### What you will do
Of the lines listed below, return exactly those that run from the line containing "Lemma fsum_swap N" through the line containing "Lemma fsum_nonneg N", both included.

Saved entries
▼▼▼
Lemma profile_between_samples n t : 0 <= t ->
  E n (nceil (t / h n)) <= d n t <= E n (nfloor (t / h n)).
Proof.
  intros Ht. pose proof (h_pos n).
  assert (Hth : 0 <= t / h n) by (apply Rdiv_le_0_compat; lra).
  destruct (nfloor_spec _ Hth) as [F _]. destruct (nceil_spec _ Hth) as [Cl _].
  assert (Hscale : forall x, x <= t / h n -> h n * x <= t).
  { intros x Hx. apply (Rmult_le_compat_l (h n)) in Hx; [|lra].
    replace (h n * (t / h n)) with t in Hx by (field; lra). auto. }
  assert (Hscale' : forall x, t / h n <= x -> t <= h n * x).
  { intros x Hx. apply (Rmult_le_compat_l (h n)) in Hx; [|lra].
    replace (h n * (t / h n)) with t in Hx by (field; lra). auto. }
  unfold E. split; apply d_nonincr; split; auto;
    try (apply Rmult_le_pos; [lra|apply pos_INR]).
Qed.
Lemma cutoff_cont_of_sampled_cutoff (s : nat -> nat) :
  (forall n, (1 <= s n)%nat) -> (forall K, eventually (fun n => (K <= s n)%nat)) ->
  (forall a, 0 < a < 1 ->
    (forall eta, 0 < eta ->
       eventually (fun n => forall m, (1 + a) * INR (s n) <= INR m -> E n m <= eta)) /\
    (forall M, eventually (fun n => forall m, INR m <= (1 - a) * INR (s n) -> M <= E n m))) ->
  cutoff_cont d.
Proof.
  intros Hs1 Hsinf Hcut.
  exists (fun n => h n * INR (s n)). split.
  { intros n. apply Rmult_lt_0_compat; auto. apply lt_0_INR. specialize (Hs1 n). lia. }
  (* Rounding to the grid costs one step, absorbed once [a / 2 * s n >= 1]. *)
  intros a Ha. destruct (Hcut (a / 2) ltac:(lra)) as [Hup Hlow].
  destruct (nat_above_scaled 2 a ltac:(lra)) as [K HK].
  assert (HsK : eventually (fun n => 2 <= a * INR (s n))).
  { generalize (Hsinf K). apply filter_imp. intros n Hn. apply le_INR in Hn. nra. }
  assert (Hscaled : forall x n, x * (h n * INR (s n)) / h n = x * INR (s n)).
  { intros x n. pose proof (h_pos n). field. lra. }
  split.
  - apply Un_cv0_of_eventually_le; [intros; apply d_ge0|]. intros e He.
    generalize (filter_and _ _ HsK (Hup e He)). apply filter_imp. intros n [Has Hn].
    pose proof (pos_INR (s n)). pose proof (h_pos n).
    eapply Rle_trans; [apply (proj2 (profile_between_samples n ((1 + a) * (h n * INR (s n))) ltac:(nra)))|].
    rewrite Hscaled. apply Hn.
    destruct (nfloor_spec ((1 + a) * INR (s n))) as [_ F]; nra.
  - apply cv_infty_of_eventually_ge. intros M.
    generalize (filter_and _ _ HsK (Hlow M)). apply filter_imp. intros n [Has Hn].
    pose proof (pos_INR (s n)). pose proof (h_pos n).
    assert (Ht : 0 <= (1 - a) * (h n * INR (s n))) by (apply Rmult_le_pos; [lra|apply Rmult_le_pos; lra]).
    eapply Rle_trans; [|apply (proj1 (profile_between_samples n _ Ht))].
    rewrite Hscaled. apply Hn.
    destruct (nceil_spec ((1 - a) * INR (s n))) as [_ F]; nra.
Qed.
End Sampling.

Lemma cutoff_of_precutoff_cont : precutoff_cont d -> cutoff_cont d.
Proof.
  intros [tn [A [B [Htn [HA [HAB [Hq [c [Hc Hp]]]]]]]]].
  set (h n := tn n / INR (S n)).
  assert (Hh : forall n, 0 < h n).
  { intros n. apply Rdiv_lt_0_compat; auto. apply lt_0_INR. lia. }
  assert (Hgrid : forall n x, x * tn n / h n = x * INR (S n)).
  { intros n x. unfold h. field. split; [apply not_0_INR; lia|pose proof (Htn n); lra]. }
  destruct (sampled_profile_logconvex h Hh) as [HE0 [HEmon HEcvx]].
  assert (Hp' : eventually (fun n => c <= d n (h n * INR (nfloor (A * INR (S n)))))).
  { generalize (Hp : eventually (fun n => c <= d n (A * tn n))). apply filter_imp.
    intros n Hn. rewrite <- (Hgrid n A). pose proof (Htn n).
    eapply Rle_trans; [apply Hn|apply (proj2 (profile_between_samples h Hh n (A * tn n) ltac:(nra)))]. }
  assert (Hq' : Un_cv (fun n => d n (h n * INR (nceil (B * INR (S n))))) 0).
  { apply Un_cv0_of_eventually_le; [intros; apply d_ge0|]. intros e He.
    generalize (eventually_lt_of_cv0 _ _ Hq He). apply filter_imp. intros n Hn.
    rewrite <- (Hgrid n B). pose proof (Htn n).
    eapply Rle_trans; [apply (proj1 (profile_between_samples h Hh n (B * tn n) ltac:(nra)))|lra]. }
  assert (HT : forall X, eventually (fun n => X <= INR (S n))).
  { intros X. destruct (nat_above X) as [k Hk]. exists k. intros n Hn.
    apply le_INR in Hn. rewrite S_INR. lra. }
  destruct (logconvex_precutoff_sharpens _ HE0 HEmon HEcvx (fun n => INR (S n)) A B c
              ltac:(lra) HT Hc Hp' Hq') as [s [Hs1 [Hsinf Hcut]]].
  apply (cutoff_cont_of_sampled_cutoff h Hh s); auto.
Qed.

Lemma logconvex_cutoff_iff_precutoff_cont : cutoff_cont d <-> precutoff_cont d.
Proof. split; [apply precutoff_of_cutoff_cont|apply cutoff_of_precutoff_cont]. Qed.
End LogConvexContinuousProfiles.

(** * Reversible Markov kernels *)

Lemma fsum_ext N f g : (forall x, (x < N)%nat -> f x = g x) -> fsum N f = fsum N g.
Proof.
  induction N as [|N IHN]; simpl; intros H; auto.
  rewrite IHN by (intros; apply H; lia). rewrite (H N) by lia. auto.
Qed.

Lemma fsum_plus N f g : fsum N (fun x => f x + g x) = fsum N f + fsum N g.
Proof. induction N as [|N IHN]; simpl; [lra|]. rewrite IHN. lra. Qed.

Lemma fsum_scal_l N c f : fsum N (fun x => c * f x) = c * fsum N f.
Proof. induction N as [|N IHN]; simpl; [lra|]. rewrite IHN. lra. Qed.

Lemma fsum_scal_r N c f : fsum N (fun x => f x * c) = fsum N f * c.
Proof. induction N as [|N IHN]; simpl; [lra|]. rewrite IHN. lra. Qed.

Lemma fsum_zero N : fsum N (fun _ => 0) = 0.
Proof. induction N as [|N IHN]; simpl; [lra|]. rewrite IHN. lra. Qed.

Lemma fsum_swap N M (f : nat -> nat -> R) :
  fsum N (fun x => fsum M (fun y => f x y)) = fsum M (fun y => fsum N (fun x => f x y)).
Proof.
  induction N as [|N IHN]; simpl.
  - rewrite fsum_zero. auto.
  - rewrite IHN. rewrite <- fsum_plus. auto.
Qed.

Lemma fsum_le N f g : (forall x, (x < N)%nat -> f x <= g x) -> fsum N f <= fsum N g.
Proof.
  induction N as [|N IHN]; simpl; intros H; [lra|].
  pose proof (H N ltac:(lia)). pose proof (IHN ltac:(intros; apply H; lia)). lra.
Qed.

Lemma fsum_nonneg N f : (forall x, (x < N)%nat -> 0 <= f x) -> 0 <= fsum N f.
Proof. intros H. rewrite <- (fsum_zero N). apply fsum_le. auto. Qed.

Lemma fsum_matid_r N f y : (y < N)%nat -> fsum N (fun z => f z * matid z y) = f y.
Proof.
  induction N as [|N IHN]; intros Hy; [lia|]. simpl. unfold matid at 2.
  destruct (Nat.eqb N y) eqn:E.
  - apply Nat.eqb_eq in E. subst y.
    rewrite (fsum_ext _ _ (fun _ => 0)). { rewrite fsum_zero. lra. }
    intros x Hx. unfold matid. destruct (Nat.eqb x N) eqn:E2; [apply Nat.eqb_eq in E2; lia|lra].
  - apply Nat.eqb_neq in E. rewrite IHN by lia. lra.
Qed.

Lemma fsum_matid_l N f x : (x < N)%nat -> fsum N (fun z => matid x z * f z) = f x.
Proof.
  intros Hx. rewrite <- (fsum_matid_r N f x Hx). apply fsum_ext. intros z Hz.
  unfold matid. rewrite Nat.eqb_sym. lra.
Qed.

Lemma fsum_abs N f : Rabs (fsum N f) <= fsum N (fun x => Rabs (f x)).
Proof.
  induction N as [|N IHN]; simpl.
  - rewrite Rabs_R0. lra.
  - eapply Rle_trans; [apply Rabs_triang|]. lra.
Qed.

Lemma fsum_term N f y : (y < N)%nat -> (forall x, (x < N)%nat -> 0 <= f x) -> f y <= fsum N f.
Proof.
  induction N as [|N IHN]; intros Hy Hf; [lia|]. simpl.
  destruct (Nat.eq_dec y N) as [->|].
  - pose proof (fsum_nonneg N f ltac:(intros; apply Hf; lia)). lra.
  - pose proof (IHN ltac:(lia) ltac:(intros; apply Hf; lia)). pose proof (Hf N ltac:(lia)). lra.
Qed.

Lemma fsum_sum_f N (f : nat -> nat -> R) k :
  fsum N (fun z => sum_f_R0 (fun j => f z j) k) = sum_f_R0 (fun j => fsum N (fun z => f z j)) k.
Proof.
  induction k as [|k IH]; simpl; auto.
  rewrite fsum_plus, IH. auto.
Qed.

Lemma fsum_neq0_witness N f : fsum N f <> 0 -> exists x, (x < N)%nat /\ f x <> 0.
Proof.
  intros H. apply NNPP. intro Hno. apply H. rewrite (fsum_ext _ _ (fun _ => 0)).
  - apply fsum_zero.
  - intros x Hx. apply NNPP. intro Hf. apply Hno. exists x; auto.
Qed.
▲▲▲
### Finished task
Lemma fsum_swap N M (f : nat -> nat -> R) :
  fsum N (fun x => fsum M (fun y => f x y)) = fsum M (fun y => fsum N (fun x => f x y)).
Proof.
  induction N as [|N IHN]; simpl.
  - rewrite fsum_zero. auto.
  - rewrite IHN. rewrite <- fsum_plus. auto.
Qed.

Lemma fsum_le N f g : (forall x, (x < N)%nat -> f x <= g x) -> fsum N f <= fsum N g.
Proof.
  induction N as [|N IHN]; simpl; intros H; [lra|].
  pose proof (H N ltac:(lia)). pose proof (IHN ltac:(intros; apply H; lia)). lra.
Qed.

Lemma fsum_nonneg N f : (forall x, (x < N)%nat -> 0 <= f x) -> 0 <= fsum N f.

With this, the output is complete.